Knight Frank juga mencatat perubahan perilaku investor dalam hal akuisisi properti. Survei tahun 2023 menunjukkan bahwa investor Eropa dan Asia semakin memprioritaskan efisiensi energi, penggunaan energi terbarukan, dan tersedianya fasilitas pengisian kendaraan listrik (EV).
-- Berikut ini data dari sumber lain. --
(* Let $\mathcal{X}$ be a set and let $G$ be an undirected graph on vertex set $\mathcal{X}$ with non-negative edge weights. Let $\varepsilon:\mathcal{X}\times\mathcal{X}\to\mathbb{R}\cup\{\infty\}$ be the shortest-path distance in $G$ (sum of edge weights along a path, minimized over paths). Let $M:\mathcal{X}^n\to\mathcal{Y}$ be a randomized algorithm. Suppose that for every pair $x,x'\in\mathcal{X}^n$ differing only in a single entry $i\in[n]$ such that $\{x_i,x'_i\}$ is an edge of $G$ with weight $\varepsilon_0$, we have $D_\infty(M(x)\|M(x'))\le \varepsilon_0$ (respectively, $D_*(M(x)\|M(x'))\le \frac12\varepsilon_0^2$). Then $M$ is $\varepsilon$-$\nabla$DP (respectively, $\varepsilon$-$\nabla$CDP).
   Context: For probability distributions $P,Q$ on a common space with $P\ll Q$: for $\lambda\in(1,\infty)$, $D_\lambda(P\|Q)=\frac{1}{\lambda-1}\log \mathbb{E}_{X\sim P}[(P(X)/Q(X))^{\lambda-1}]$ (Radon–Nikodym derivative), $D_*(P\|Q)=\sup_{\lambda\in(1,\infty)}\frac1\lambda D_\lambda(P\|Q)$, and $D_\infty(P\|Q)=\sup_{S:P(S)>0}\log(P(S)/Q(S))$; if $P\not\ll Q$ all these are $\infty$. For a symmetric non-negative function $\varepsilon:\mathcal{X}\times\mathcal{X}\to\mathbb{R}$, a randomized $M:\mathcal{X}^n\to\mathcal{Y}$ is $\varepsilon$-partially DP ($\varepsilon$-$\nabla$DP) if for all $x,x'\in\mathcal{X}^n$ differing only in entry $i$ and all measurable $S$, $\Pr[M(x)\in S]\le e^{\varepsilon(x_i,x'_i)}\Pr[M(x')\in S]$; it is $\varepsilon$-partially CDP ($\varepsilon$-$\nabla$CDP) if for all such $x,x'$, $D_*(M(x)\|M(x'))\le\frac12\varepsilon(x_i,x'_i)^2$. *)

From HB Require Import structures.
From mathcomp Require Import all_boot all_order all_algebra.
From mathcomp Require Import all_classical all_reals all_analysis.
Set Implicit Arguments. Unset Strict Implicit. Unset Printing Implicit Defensive.
Import Order.TTheory GRing.Theory Num.Theory.
Local Open Scope classical_set_scope.
Local Open Scope ring_scope.

Record wgraph (R : realType) (X : Type) := WGraph {
  edge : X -> X -> Prop;
  weight : X -> X -> R;
  edge_sym : forall x y, edge x y -> edge y x;
  weight_sym : forall x y, edge x y -> weight x y = weight y x;
  weight_ge0 : forall x y, edge x y -> 0 <= weight x y }.

(* [walk G x p y]: x = v0, p = [:: v1; ...; vk] and vk = y, with
   consecutive vertices adjacent in G (k = 0 means x = y). *)
Fixpoint walk (R : realType) (X : Type) (G : wgraph R X) (x : X) (p : seq X) (y : X)
  : Prop :=
  match p with
  | [::] => x = y
  | z :: p' => edge G x z /\ walk G z p' y
  end.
Hal ini selaras dengan fitur umum yang ditemukan pada gedung-gedung perkantoran hijau di Jakarta, seperti infrastruktur pengisian EV, integrasi energi terbarukan, sistem konservasi air dan daur ulang sampah, serta pemantauan konsumsi energi yang ketat. Komitmen terhadap efisiensi dan konservasi sumber daya ini bukan hanya mengurangi jejak karbon, tetapi juga menghasilkan penghematan biaya operasional jangka panjang bagi pemilik dan penyewa.
Kesimpulannya, tren pertumbuhan gedung perkantoran hijau di Jakarta menunjukkan momentum yang kuat. Dorongan dari penerapan prinsip ESG, peningkatan kesadaran akan keberlanjutan, dan nilai tambah yang ditawarkan gedung-gedung hijau telah membentuk pasar properti yang lebih berkelanjutan dan berdaya saing. Tren ini diprediksi akan terus berlanjut, menandai transformasi signifikan dalam lanskap perkantoran di Jakarta dan sekitarnya.
Faktor-faktor pendukung pertumbuhan gedung perkantoran hijau di Jakarta:
- Meningkatnya kesadaran ESG di kalangan pelaku industri.
- Keuntungan bisnis dari penerapan prinsip ESG.
- Permintaan yang meningkat dari penyewa premium.
- Peningkatan investasi dari investor yang berfokus pada keberlanjutan.
- Dukungan pemerintah terhadap pembangunan berkelanjutan.
- Tersedianya sertifikasi bangunan hijau yang terpercaya.